**Work to be completed:**
Below is a listing. Quote from it, exactly, the lines from the one containing "(* For every" down to the one containing "From Stdlib Require Import Reals.", both ends included, and nothing else.

**Data shown:**
════════

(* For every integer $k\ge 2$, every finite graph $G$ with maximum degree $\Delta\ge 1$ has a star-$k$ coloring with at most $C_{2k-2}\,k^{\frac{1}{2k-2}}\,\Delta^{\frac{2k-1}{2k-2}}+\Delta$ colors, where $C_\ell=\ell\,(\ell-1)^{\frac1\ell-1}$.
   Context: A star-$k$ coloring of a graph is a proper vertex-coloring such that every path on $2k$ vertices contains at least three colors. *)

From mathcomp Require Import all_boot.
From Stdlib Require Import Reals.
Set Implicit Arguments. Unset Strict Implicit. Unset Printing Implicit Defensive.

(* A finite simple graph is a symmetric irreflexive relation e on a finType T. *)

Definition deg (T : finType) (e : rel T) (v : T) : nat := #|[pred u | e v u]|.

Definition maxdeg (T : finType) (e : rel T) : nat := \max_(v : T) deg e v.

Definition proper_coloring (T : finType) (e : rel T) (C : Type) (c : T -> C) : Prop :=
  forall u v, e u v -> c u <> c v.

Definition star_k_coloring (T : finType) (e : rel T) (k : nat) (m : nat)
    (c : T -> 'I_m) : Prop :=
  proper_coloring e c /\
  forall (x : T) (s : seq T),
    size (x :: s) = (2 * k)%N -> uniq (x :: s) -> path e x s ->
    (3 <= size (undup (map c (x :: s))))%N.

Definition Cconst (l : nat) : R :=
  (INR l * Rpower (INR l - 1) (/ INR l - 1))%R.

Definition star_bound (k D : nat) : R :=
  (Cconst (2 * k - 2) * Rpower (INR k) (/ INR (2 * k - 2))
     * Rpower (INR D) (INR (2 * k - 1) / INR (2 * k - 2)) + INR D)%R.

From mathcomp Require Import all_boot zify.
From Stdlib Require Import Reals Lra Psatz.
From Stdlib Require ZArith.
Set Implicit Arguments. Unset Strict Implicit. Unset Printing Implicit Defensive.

════════

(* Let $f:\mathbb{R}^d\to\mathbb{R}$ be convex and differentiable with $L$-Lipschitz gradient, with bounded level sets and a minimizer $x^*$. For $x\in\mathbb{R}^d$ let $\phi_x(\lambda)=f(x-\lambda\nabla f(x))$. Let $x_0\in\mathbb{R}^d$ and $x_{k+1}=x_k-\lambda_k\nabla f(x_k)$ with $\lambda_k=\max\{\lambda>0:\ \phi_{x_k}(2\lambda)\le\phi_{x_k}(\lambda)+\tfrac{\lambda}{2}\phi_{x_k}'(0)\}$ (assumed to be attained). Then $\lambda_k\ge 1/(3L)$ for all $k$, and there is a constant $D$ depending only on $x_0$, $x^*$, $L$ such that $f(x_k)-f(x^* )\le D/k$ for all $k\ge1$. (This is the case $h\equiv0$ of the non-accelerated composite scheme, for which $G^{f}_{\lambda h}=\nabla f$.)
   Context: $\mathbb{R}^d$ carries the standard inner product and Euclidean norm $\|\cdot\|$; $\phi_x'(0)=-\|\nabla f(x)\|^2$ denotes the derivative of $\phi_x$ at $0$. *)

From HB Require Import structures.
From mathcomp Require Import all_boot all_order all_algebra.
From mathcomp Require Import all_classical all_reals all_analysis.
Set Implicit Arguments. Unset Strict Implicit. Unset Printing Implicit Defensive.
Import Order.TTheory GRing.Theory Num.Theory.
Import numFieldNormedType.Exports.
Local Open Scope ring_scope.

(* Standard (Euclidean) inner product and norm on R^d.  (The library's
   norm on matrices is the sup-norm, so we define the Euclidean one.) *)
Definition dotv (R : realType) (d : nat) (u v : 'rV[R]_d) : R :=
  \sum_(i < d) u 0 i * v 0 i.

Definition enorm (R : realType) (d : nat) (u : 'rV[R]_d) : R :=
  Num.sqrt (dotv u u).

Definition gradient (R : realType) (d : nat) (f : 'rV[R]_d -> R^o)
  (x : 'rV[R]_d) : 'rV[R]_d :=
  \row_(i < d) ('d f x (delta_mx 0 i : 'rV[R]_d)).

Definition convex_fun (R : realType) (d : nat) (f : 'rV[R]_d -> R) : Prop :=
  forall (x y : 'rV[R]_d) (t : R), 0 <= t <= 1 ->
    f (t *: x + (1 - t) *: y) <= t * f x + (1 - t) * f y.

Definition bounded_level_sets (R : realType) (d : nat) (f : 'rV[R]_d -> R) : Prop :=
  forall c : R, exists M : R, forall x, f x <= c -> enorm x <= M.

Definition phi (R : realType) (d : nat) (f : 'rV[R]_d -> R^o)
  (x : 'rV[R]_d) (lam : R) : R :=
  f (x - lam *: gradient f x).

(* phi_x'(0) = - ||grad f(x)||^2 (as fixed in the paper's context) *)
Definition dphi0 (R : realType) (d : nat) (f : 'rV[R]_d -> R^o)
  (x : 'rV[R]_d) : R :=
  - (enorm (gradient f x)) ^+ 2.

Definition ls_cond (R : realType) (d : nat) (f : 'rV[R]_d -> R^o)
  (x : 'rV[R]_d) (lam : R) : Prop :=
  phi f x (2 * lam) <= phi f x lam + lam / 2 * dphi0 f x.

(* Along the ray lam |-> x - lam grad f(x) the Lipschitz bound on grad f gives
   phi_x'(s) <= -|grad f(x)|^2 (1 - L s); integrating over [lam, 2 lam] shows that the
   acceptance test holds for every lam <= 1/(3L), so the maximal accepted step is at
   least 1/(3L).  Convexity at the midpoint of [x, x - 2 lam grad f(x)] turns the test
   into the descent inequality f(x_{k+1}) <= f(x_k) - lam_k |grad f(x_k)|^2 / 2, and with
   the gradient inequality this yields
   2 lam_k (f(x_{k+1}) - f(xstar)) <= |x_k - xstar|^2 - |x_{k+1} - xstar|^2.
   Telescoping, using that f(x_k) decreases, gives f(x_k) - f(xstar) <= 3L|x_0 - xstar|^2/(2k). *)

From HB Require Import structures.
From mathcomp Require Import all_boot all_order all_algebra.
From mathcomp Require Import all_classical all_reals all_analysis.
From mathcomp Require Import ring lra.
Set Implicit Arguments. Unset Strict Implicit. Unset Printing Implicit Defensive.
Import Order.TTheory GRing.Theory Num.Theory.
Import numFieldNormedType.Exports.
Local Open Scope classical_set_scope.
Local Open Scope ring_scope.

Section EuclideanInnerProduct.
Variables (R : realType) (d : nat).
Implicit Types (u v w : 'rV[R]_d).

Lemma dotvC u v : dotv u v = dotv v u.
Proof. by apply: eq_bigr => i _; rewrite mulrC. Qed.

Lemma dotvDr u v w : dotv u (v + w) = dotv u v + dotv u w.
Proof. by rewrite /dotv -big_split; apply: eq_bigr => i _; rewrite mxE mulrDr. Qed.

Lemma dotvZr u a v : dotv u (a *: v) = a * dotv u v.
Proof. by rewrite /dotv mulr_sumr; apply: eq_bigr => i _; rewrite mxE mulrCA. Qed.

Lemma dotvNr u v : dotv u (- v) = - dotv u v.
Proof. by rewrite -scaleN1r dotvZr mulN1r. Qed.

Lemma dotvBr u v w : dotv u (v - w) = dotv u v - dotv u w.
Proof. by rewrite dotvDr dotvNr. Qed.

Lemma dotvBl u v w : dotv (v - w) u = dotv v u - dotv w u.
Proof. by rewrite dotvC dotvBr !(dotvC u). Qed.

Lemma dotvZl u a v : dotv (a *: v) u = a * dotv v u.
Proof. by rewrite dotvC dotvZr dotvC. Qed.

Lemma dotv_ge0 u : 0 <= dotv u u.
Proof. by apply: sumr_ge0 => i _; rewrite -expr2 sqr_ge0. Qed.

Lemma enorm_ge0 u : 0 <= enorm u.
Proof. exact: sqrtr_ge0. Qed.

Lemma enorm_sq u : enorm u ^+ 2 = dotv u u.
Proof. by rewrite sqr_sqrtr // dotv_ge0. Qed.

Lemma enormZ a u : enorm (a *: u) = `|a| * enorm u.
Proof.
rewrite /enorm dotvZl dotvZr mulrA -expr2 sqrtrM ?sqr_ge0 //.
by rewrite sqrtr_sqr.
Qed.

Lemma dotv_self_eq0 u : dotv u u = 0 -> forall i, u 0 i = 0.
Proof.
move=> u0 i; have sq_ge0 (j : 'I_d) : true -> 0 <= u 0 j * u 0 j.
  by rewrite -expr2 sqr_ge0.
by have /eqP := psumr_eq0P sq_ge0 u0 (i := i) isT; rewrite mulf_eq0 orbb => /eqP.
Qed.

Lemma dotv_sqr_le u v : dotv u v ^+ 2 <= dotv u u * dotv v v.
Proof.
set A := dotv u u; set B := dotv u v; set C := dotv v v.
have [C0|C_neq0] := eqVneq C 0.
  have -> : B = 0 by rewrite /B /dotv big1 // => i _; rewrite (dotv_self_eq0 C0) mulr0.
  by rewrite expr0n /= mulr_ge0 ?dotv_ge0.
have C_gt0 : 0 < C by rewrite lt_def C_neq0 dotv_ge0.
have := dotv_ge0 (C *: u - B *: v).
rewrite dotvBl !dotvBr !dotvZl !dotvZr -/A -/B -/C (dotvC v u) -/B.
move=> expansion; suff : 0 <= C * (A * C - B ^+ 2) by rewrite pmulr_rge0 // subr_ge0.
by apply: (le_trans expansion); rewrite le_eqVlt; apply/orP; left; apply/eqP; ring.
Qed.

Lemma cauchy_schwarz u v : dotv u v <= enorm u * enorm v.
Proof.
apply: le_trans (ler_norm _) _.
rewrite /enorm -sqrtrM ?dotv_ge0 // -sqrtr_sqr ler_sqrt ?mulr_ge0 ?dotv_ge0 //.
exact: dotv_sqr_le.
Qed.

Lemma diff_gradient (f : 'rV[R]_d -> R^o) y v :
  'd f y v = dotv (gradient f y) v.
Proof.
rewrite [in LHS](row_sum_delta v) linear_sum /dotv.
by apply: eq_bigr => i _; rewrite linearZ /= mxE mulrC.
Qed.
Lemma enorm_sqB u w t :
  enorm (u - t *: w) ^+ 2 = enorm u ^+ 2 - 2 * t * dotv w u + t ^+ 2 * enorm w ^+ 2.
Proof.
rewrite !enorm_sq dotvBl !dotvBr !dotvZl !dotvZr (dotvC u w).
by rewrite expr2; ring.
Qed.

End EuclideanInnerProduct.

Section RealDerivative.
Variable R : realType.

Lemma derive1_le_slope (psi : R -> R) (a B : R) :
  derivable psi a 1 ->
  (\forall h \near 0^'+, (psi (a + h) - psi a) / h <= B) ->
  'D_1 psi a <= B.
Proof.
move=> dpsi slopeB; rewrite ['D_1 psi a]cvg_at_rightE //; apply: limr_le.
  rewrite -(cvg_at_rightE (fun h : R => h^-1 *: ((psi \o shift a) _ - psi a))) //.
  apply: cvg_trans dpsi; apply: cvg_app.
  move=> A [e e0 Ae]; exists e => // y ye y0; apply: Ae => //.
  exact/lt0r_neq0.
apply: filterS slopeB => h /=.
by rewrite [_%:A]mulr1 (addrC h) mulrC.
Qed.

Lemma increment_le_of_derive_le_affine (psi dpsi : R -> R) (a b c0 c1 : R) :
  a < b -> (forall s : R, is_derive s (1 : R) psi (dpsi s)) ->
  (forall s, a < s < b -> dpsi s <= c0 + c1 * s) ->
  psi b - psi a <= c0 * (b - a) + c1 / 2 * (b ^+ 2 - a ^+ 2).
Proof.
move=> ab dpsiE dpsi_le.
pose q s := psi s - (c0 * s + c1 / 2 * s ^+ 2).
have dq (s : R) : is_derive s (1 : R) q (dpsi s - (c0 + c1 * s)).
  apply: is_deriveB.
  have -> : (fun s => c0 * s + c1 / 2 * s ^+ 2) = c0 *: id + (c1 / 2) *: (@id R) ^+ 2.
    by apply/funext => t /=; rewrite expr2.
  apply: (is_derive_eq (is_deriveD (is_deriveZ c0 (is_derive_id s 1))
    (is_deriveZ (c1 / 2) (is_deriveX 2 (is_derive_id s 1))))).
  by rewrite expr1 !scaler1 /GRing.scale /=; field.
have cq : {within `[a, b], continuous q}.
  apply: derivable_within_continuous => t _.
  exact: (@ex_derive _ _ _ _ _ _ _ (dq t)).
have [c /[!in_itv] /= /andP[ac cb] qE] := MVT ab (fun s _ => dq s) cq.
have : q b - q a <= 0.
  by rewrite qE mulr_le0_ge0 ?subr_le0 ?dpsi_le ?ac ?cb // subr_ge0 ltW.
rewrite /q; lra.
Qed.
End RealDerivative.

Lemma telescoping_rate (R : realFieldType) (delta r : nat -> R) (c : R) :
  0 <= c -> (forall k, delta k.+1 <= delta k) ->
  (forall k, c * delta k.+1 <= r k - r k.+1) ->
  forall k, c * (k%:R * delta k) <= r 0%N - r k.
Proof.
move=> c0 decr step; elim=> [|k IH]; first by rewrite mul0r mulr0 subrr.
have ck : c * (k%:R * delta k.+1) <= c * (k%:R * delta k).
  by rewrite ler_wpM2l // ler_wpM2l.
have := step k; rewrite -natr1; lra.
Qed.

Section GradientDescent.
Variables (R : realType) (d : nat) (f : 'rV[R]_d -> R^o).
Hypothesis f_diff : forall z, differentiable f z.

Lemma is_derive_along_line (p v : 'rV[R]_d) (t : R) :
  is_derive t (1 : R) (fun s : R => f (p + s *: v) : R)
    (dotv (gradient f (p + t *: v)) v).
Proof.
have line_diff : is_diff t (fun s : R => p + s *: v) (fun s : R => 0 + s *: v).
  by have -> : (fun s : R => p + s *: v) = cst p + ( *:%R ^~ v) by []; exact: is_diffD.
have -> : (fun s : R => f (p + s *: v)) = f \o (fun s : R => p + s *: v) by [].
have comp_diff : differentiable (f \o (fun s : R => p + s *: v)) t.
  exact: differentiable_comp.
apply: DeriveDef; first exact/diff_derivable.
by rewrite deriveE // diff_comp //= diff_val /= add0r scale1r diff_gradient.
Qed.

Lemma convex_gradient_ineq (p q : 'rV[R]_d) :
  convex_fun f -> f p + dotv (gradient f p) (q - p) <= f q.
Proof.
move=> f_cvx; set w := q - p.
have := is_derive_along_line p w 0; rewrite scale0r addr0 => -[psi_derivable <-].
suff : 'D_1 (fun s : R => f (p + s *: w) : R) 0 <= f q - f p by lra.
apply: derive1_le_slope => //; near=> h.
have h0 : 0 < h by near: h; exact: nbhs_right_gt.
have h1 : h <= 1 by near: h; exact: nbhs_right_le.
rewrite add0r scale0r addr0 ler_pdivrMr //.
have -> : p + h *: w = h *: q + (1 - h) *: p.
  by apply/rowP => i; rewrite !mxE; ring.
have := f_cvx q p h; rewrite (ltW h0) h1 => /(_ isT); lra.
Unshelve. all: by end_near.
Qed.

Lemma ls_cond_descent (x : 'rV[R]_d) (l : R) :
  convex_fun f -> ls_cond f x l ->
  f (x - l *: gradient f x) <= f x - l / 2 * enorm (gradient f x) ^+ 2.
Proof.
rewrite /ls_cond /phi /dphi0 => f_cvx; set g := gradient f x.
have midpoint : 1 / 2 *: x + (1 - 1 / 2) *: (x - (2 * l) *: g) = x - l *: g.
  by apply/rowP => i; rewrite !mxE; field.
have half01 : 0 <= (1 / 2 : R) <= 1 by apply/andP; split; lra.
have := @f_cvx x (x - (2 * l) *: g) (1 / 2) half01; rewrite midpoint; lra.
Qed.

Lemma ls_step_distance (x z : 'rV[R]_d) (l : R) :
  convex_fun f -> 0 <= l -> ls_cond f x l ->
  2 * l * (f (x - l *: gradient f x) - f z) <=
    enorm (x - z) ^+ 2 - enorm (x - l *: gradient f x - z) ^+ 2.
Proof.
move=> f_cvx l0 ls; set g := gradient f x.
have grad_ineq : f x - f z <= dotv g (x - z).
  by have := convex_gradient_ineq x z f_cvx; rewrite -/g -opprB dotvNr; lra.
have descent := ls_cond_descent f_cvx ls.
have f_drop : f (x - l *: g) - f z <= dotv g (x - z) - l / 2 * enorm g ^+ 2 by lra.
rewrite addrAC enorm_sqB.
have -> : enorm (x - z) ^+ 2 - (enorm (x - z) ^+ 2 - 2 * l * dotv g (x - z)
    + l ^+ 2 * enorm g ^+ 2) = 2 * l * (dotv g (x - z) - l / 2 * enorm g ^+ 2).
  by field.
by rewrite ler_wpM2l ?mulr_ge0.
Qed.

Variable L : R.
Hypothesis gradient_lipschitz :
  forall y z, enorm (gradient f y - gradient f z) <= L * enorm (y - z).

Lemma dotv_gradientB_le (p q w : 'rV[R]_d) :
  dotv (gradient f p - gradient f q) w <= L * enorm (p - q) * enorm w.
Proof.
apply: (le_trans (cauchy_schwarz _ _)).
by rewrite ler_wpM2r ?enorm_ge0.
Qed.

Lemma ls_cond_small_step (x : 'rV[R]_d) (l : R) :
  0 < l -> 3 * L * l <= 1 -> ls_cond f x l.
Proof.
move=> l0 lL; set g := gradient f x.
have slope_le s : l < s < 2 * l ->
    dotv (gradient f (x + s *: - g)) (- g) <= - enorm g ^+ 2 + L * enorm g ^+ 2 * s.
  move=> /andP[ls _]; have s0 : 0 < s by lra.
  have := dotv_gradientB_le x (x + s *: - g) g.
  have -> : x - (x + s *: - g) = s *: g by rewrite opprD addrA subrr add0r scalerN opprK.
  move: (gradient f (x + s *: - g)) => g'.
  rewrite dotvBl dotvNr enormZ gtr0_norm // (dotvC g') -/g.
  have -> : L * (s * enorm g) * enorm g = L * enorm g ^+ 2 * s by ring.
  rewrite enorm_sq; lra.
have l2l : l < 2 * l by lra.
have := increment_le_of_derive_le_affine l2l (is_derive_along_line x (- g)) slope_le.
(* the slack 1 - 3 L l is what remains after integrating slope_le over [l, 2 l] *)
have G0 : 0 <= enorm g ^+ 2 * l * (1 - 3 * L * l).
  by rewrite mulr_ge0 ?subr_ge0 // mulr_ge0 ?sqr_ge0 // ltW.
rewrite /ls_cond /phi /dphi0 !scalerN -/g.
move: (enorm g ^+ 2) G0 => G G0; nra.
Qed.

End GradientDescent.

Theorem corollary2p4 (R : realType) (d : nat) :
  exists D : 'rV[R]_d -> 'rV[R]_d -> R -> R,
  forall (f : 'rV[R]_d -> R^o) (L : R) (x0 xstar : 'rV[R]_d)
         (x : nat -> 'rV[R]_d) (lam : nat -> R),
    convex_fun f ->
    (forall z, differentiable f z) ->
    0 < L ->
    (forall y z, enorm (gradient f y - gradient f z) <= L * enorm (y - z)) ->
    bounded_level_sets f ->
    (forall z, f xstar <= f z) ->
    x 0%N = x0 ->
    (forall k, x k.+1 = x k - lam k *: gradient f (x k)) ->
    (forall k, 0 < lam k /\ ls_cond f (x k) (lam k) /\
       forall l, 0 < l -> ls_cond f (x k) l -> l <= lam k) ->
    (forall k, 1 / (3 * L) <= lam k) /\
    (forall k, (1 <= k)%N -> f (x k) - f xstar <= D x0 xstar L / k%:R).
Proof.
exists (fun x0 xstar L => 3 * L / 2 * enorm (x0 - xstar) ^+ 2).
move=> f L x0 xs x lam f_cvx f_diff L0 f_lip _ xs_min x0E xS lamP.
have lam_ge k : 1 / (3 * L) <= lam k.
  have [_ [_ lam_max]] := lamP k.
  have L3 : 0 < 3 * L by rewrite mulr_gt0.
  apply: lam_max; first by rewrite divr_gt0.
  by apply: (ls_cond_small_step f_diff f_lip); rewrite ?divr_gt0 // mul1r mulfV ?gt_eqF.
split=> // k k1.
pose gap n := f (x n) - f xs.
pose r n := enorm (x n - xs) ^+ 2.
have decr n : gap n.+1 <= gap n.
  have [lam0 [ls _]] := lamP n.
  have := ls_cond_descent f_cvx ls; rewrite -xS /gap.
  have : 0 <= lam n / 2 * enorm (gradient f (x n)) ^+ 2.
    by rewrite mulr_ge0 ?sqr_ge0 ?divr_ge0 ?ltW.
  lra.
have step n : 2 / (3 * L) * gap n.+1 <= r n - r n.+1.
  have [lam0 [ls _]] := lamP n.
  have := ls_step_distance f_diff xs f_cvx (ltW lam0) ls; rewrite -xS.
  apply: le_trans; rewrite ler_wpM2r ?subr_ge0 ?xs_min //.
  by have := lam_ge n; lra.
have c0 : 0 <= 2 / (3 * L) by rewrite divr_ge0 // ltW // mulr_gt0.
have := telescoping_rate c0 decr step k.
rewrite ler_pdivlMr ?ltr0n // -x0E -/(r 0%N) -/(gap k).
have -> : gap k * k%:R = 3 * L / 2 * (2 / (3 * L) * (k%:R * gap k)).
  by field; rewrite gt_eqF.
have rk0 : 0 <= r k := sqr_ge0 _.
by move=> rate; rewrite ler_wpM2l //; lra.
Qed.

════════

**Final answer:**
(* For every integer $k\ge 2$, every finite graph $G$ with maximum degree $\Delta\ge 1$ has a star-$k$ coloring with at most $C_{2k-2}\,k^{\frac{1}{2k-2}}\,\Delta^{\frac{2k-1}{2k-2}}+\Delta$ colors, where $C_\ell=\ell\,(\ell-1)^{\frac1\ell-1}$.
   Context: A star-$k$ coloring of a graph is a proper vertex-coloring such that every path on $2k$ vertices contains at least three colors. *)

From mathcomp Require Import all_boot.
From Stdlib Require Import Reals.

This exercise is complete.